Placeholder users are added as members of the group/project, and their access level is set to match that of the source instance. If an existing Import::SourceUser record already exists for the source_user_identifier, a placeholder user is not created, and instead, the mapped user (which can be a placeholder or real user) is added as a member. It's important to note that if the user is already a member, a new member is not added, and the access level of the existing member is preserved. Also, a member is not added if the placeholder user is of the type ImportUser.
NdJsonPipelines
When the NdJsonPipeline#transform
method is executed, it searches for an Import::SourceUser with a matching source_user_identifier for every user ID in the relation hash. If none is found, a new Import::SourceUser record is created and the source_user_identifier is set to the same user ID. All created Import::SourceUser are mapped to the same ImportUser, which means all contributions for non-members will be assigned to the ImportUser. Note that currently, the source_name and source_username for the created Import::SourceUser records are set to nil. A subsequent MR will introduce a new pipeline to fetch the information from the source instance and populate the missing details.
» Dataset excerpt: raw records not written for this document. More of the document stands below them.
Definition dcomm {X Y Y' Z} (F : DblFunctor X Y) (G : DblFunctor Y Z)
    (H : DblFunctor X Y') (K : DblFunctor Y' Z) : Prop :=
  (forall x, F0 G (F0 F x) = F0 K (F0 H x)) /\
  (forall h, mapH G (mapH F h) = mapH K (mapH H h)) /\
  (forall v, mapV G (mapV F v) = mapV K (mapV H v)) /\
  (forall s, mapS G (mapS F s) = mapS K (mapS H s)).

Definition dtri {X Y Z} (F : DblFunctor X Y) (G : DblFunctor Y Z)
    (H : DblFunctor X Z) : Prop :=
  (forall x, F0 G (F0 F x) = F0 H x) /\
  (forall h, mapH G (mapH F h) = mapH H h) /\
  (forall v, mapV G (mapV F v) = mapV H v) /\
  (forall s, mapS G (mapS F s) = mapS H s).

Definition dLLP {A B} (i : DblFunctor A B)
    (P : forall C D : DblCat, DblFunctor C D -> Prop) : Prop :=
  forall (C D : DblCat) (p : DblFunctor C D), P C D p ->
  forall (u : DblFunctor A C) (v : DblFunctor B D), dcomm u p i v ->
  exists d : DblFunctor B C, dtri i d u /\ dtri d p v.

(** Trivial fibrations of the model structure on DblCat (as characterized in
    the paper): surjective on objects, full on horizontal morphisms,
    surjective on vertical morphisms, fully faithful on squares. *)
Definition dtriv_fib (C D : DblCat) (P : DblFunctor C D) : Prop :=
  (forall y : dob D, exists x : dob C, F0 P x = y) /\
  (forall (A C' : dob C) (b : hom_h D (F0 P A) (F0 P C')),
      exists a : hom_h C A C', Fh P a = b) /\
  (forall v : VArr D, exists u : VArr C, mapV P u = v) /\
  (forall (A B0 C' D0 : dob C) (u : hom_v C A C') (u' : hom_v C B0 D0)
      (a : hom_h C A B0) (c : hom_h C C' D0)
      (be : sq D (Fv P u) (Fv P u') (Fh P a) (Fh P c)),
      exists al : sq C u u' a c, Fs P al = be /\
        forall al' : sq C u u' a c, Fs P al' = be -> al' = al).

Definition dcofibration {A B} (F : DblFunctor A B) : Prop := dLLP F dtriv_fib.

Record Cat := {
  cob : Type;
  chom : cob -> cob -> Type;
  cid : forall x, chom x x;
  ccomp : forall {x y z}, chom x y -> chom y z -> chom x z;  (* diagrammatic order *)
  cassoc : forall x y z w (f : chom x y) (g : chom y z) (h : chom z w),
      ccomp (ccomp f g) h = ccomp f (ccomp g h);
  cidl : forall x y (f : chom x y), ccomp (cid x) f = f;
  cidr : forall x y (f : chom x y), ccomp f (cid y) = f
}.

Record Functor (C D : Cat) := {
  fo : cob C -> cob D;
  fm : forall {x y}, chom C x y -> chom D (fo x) (fo y);
  fm_id : forall x, fm (cid C x) = cid D (fo x);
  fm_comp : forall x y z (f : chom C x y) (g : chom C y z),
      fm (ccomp C f g) = ccomp D (fm f) (fm g)
}.
Lemma adj_transposeK (X : Obj A) (D : Obj B) (f : Mor B (F X) D) :
  mcomp B (eps D) (fmap F (mcomp A (fmap G f) (eta X))) = f.
Proof.
case: FG => _ eps_nat triL _.
by rewrite (fmap_comp HF) (compA HCB) -eps_nat -(compA HCB) triL (comp1r HCB).
Qed.
Lemma adj_transposeVK (X : Obj A) (D : Obj B) (g : Mor A X (G D)) :
  mcomp A (fmap G (mcomp B (eps D) (fmap F g))) (eta X) = g.
Proof.
case: FG => eta_nat _ _ triR.
by rewrite (fmap_comp HG) -(compA HCA) eta_nat (compA HCA) triR (comp1l HCA).
Qed.

Lemma dim_hom_adj (X : Obj A) (D : Obj B) :
  \dim {: Mor B (F X) D} = \dim {: Mor A X (G D)}.
Proof.
apply: (dimv_bij (f := fun f => mcomp A (fmap G f) (eta X))).
  by move=> a f f' /=; rewrite (fmap_linear HG) (comp_linearl HCA).
exists (fun g => mcomp B (eps D) (fmap F g)) => ? /=.
  exact: adj_transposeK.
exact: adj_transposeVK.
Qed.

Lemma hom0_adj (X : Obj A) (D : Obj B) : is_zero_obj (G D) -> hom0 (F X) D.
Proof.
move=> GD0; apply/hom0_dim; rewrite dim_hom_adj; apply/hom0_dim.
exact (hom0_zeroR HCA GD0).
Qed.

Lemma adj_unit_iso : fully_faithful F -> forall X : Obj A, iso_obj X (G (F X)).
Proof.
move=> F_ff X; case: FG => eta_nat _ triL triR.
have [e _ eVK] := F_ff _ _ : bijective (@fmap K A B F (G (F X)) X).
exists (eta X), (e (eps (F X))); split.
  apply: (bij_inj (F_ff X X)).
  by rewrite (fmap_comp HF) eVK triL (fmap_id HF).
by rewrite -eta_nat eVK triR.
Qed.

Lemma adj_counit_iso : fully_faithful G -> forall D : Obj B, iso_obj (F (G D)) D.
Proof.
move=> G_ff D; case: FG => _ eps_nat triL triR.
have [e _ eVK] := G_ff _ _ : bijective (@fmap K B A G D (F (G D))).
exists (eps D), (e (eta (G D))); split.
  by rewrite eps_nat eVK triL.
apply: (bij_inj (G_ff D D)).
by rewrite (fmap_comp HG) eVK triR (fmap_id HG).
Qed.
End Adjunctions.

Section Filtrations.
Variables (K : fieldType) (T : tri_data K).
Hypothesis HT : is_triangulated T.
Variables (r : nat) (S : 'I_r -> Obj T).
Let HC := tri_cat HT.

Lemma hom0_FiltR (R : int -> bool) (C B : Obj T) :
  (forall j l, R l -> hom0 C (shiftZ (S j) l)) -> Filt S R B -> hom0 C B.
Proof.
move=> CS0; elim=> {B} [j l /CS0 // | Z Z0 | B B' BB' _ CB0 |
                        B0 B B1 f g h fgh _ CB00 _ CB10].
- exact (hom0_zeroR HC Z0).
- exact (hom0_isoR HC BB' CB0).
- exact (hom0_dist_midR HT fgh CB00 CB10).
Qed.

Lemma hom0_FiltL (R : int -> bool) s (A D : Obj T) :
  (forall i k, R k -> hom0 (iter s (sh T) (shiftZ (S i) k)) D) ->
  Filt S R A -> hom0 (iter s (sh T) A) D.
Proof.
move=> SD0; elim=> {A} [i k /SD0 // | Z Z0 | A A' AA' _ AD0 |
                        A0 A A1 f g h fgh _ A0D0 _ A1D0].
- exact (hom0_zeroL HC (iter_sh_zero HT s Z0)).
- exact (hom0_isoL HC (iter_sh_iso HT s AA') AD0).
- have [f' [g' [h' fgh']]] := dist_iter_sh HT s fgh.
  exact (hom0_dist_midL HT fgh' A0D0 A1D0).
Qed.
For instance, consider a hash-like relation:
{ iid: 1, author_id: 101, merged_by: 102, title: 'MR', notes: [{ note: 'Note 1', author_id: 102 }, { note: 'Note 2', author_id 103 } }] }
If none of the user IDs is found, NdJsonPipeline#transform could create an Import::SourceUser with the source_user_identifies 101, 102, and 103 and the source user would be mapped to the ImportUser.
After creating all missing Import::SourceUser, RelationFactory is executed and the new SourceUsersMapper is provided. This mapper returns the corresponding user in the destination mapped to the source_user_identifier.
For example, SourceUsersMapper#map[101]
returns the user ID of the user mapped to an Import::SourceUser with the source_user_identifier 101. If the Import::SourceUser was reassigned to a real user, SourceUsersMapper#map[101]
will return the user ID of the real user. Otherwise, it returns the user ID of a placeholder user.
Therefore, RelationFactory will build the relation object will all user IDs set to the appropriate user in the destination. Besides, for every built object, the attribute source_user_references
will hold a map of the source user IDs, which later is used to push the placeholder user references.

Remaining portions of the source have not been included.